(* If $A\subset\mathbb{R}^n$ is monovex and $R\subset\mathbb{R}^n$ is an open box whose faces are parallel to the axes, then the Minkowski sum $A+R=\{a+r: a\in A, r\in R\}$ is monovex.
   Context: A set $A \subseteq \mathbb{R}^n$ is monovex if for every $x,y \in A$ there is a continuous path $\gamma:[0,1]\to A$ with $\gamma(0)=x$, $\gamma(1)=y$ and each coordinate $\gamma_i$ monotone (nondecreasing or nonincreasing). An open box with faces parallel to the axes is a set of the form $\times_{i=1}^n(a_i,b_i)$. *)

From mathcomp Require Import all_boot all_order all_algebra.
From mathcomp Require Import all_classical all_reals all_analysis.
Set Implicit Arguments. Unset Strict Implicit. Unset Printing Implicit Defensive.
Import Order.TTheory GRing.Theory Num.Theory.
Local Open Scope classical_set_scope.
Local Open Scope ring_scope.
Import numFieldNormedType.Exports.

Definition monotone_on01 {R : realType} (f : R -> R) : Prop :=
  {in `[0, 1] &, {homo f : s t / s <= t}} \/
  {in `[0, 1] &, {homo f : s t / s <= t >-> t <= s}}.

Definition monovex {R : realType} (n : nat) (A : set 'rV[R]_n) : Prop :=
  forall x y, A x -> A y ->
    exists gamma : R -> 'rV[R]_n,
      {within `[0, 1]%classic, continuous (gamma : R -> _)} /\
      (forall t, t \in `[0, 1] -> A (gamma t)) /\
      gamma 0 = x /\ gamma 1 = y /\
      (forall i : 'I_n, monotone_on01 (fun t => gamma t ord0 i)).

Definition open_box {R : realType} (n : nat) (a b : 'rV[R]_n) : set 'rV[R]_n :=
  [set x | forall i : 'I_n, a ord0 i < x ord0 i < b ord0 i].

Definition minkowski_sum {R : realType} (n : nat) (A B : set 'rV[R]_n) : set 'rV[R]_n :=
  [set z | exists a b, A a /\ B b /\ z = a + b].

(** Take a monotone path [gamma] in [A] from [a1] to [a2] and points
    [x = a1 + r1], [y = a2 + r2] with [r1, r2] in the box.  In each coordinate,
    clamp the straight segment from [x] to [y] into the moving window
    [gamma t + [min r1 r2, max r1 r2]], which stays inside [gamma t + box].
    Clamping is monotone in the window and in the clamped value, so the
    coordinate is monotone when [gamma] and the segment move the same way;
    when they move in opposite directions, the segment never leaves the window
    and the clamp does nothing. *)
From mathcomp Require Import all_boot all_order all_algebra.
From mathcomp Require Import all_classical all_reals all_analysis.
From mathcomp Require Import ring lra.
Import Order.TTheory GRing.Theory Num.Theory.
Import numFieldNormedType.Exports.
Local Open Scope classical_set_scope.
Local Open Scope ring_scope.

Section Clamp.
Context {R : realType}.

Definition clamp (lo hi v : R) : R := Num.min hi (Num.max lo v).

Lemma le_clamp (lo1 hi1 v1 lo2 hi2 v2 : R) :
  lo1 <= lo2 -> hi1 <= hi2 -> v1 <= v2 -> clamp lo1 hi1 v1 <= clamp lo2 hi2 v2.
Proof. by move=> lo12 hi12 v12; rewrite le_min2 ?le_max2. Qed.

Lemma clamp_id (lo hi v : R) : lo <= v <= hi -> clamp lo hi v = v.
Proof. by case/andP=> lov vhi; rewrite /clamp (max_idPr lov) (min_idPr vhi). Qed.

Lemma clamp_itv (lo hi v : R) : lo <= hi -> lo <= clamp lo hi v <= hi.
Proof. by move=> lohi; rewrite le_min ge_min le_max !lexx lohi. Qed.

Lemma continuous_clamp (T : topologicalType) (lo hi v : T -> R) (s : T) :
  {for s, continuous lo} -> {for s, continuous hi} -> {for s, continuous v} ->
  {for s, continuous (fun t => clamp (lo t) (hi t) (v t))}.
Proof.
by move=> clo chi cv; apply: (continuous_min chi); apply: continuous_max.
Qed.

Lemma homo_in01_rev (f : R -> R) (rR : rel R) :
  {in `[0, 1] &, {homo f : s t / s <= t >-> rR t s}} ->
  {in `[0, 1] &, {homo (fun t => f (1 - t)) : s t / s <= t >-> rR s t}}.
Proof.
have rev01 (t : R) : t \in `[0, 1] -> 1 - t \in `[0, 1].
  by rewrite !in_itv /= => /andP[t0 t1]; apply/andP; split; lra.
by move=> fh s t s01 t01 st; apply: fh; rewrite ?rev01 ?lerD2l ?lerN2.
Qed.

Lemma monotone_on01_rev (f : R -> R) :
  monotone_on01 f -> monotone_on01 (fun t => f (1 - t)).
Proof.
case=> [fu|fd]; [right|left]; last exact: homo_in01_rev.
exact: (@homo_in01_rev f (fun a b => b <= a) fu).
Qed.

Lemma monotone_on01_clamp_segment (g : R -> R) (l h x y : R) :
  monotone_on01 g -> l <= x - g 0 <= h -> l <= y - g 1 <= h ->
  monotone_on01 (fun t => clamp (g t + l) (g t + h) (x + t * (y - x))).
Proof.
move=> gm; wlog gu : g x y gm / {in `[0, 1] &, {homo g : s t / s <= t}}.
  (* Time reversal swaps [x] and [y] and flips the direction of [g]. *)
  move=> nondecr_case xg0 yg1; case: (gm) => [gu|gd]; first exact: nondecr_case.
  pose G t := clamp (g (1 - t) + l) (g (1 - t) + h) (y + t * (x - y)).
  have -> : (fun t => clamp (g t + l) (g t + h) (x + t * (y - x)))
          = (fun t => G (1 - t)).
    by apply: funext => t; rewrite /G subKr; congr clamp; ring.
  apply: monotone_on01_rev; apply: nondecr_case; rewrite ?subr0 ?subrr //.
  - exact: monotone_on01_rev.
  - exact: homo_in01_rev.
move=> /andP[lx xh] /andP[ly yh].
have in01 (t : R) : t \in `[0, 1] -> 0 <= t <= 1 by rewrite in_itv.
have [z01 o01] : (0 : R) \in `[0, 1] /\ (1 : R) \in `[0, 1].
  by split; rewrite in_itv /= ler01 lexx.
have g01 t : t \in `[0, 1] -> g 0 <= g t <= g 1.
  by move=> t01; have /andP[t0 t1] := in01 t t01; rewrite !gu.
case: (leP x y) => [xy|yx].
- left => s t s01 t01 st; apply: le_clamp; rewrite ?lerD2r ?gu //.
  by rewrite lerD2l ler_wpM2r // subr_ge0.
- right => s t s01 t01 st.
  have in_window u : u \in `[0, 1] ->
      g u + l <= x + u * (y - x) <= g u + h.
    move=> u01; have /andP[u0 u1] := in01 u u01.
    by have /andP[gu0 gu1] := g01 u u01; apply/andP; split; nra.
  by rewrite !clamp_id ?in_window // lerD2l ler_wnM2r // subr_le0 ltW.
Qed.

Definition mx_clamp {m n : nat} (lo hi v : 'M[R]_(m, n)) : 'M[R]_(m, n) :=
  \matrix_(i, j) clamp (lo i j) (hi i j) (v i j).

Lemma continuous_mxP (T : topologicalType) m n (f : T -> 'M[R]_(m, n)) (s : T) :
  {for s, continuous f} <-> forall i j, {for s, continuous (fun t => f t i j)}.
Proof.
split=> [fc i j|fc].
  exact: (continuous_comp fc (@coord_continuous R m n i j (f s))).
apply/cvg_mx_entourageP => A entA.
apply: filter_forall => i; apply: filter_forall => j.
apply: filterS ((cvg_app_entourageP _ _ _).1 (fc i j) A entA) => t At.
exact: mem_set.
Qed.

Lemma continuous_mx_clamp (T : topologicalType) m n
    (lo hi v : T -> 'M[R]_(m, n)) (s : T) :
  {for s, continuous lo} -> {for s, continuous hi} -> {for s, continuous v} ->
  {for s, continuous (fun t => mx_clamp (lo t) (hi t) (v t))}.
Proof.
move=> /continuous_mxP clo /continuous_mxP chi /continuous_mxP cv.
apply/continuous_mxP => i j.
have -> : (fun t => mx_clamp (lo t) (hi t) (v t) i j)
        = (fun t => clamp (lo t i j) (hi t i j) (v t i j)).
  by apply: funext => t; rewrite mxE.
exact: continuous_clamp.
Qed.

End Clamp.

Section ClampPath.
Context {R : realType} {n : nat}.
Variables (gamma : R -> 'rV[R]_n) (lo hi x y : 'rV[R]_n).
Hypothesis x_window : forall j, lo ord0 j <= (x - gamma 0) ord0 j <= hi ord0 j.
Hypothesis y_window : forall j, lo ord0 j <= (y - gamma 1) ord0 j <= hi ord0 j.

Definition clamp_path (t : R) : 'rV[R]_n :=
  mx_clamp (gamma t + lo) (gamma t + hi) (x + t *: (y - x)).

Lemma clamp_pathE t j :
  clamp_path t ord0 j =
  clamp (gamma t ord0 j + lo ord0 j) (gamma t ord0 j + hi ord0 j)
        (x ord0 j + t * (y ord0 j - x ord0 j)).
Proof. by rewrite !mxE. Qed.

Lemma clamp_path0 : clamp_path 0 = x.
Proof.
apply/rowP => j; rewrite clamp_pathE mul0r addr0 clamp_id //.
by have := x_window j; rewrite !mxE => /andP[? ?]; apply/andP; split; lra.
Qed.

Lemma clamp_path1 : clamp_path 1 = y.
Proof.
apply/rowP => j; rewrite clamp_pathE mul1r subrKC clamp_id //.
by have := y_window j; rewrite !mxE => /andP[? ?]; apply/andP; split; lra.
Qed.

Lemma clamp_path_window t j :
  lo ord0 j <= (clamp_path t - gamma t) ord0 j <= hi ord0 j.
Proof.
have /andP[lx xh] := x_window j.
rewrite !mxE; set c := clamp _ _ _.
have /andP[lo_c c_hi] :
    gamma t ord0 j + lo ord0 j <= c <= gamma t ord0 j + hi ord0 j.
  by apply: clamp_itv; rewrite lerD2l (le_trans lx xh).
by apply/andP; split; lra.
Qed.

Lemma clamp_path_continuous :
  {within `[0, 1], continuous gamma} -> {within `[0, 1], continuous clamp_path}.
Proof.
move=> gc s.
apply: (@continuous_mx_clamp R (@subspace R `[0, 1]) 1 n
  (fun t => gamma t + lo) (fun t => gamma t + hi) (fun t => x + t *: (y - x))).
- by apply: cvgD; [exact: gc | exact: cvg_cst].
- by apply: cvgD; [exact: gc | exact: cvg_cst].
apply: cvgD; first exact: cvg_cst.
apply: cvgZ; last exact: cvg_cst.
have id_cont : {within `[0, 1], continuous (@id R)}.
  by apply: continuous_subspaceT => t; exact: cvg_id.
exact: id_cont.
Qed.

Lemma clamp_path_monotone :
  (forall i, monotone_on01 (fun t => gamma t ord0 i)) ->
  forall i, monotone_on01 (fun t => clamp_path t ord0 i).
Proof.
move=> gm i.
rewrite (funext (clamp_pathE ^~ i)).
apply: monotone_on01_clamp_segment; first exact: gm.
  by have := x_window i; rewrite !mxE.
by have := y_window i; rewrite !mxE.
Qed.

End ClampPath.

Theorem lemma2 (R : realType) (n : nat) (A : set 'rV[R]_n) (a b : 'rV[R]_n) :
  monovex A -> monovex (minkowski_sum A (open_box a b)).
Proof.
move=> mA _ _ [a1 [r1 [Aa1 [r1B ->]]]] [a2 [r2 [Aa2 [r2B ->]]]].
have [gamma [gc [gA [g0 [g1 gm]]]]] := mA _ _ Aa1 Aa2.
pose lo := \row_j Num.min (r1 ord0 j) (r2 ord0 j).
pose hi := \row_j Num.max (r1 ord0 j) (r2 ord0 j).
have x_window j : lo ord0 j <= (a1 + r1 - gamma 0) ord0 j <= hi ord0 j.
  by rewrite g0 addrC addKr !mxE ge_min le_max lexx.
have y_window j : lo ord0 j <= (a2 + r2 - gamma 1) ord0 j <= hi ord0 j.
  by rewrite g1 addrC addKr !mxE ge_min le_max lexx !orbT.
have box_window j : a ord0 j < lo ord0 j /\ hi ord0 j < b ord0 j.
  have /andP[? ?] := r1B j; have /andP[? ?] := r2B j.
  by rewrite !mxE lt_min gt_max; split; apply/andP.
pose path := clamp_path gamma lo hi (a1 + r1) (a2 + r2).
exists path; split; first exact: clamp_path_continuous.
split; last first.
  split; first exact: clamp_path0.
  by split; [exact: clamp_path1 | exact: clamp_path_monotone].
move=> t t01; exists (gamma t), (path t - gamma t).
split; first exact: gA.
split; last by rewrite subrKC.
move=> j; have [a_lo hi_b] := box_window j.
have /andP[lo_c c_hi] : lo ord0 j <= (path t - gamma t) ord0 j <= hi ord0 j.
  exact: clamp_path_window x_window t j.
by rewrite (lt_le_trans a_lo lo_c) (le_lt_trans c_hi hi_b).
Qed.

#####

## [Task details]
This exercise requires the lines of the entries containing the string "funext".

## [Answer to the problem]
    by apply: funext => t; rewrite /G subKr; congr clamp; ring.
  by apply: funext => t; rewrite mxE.
rewrite (funext (clamp_pathE ^~ i)).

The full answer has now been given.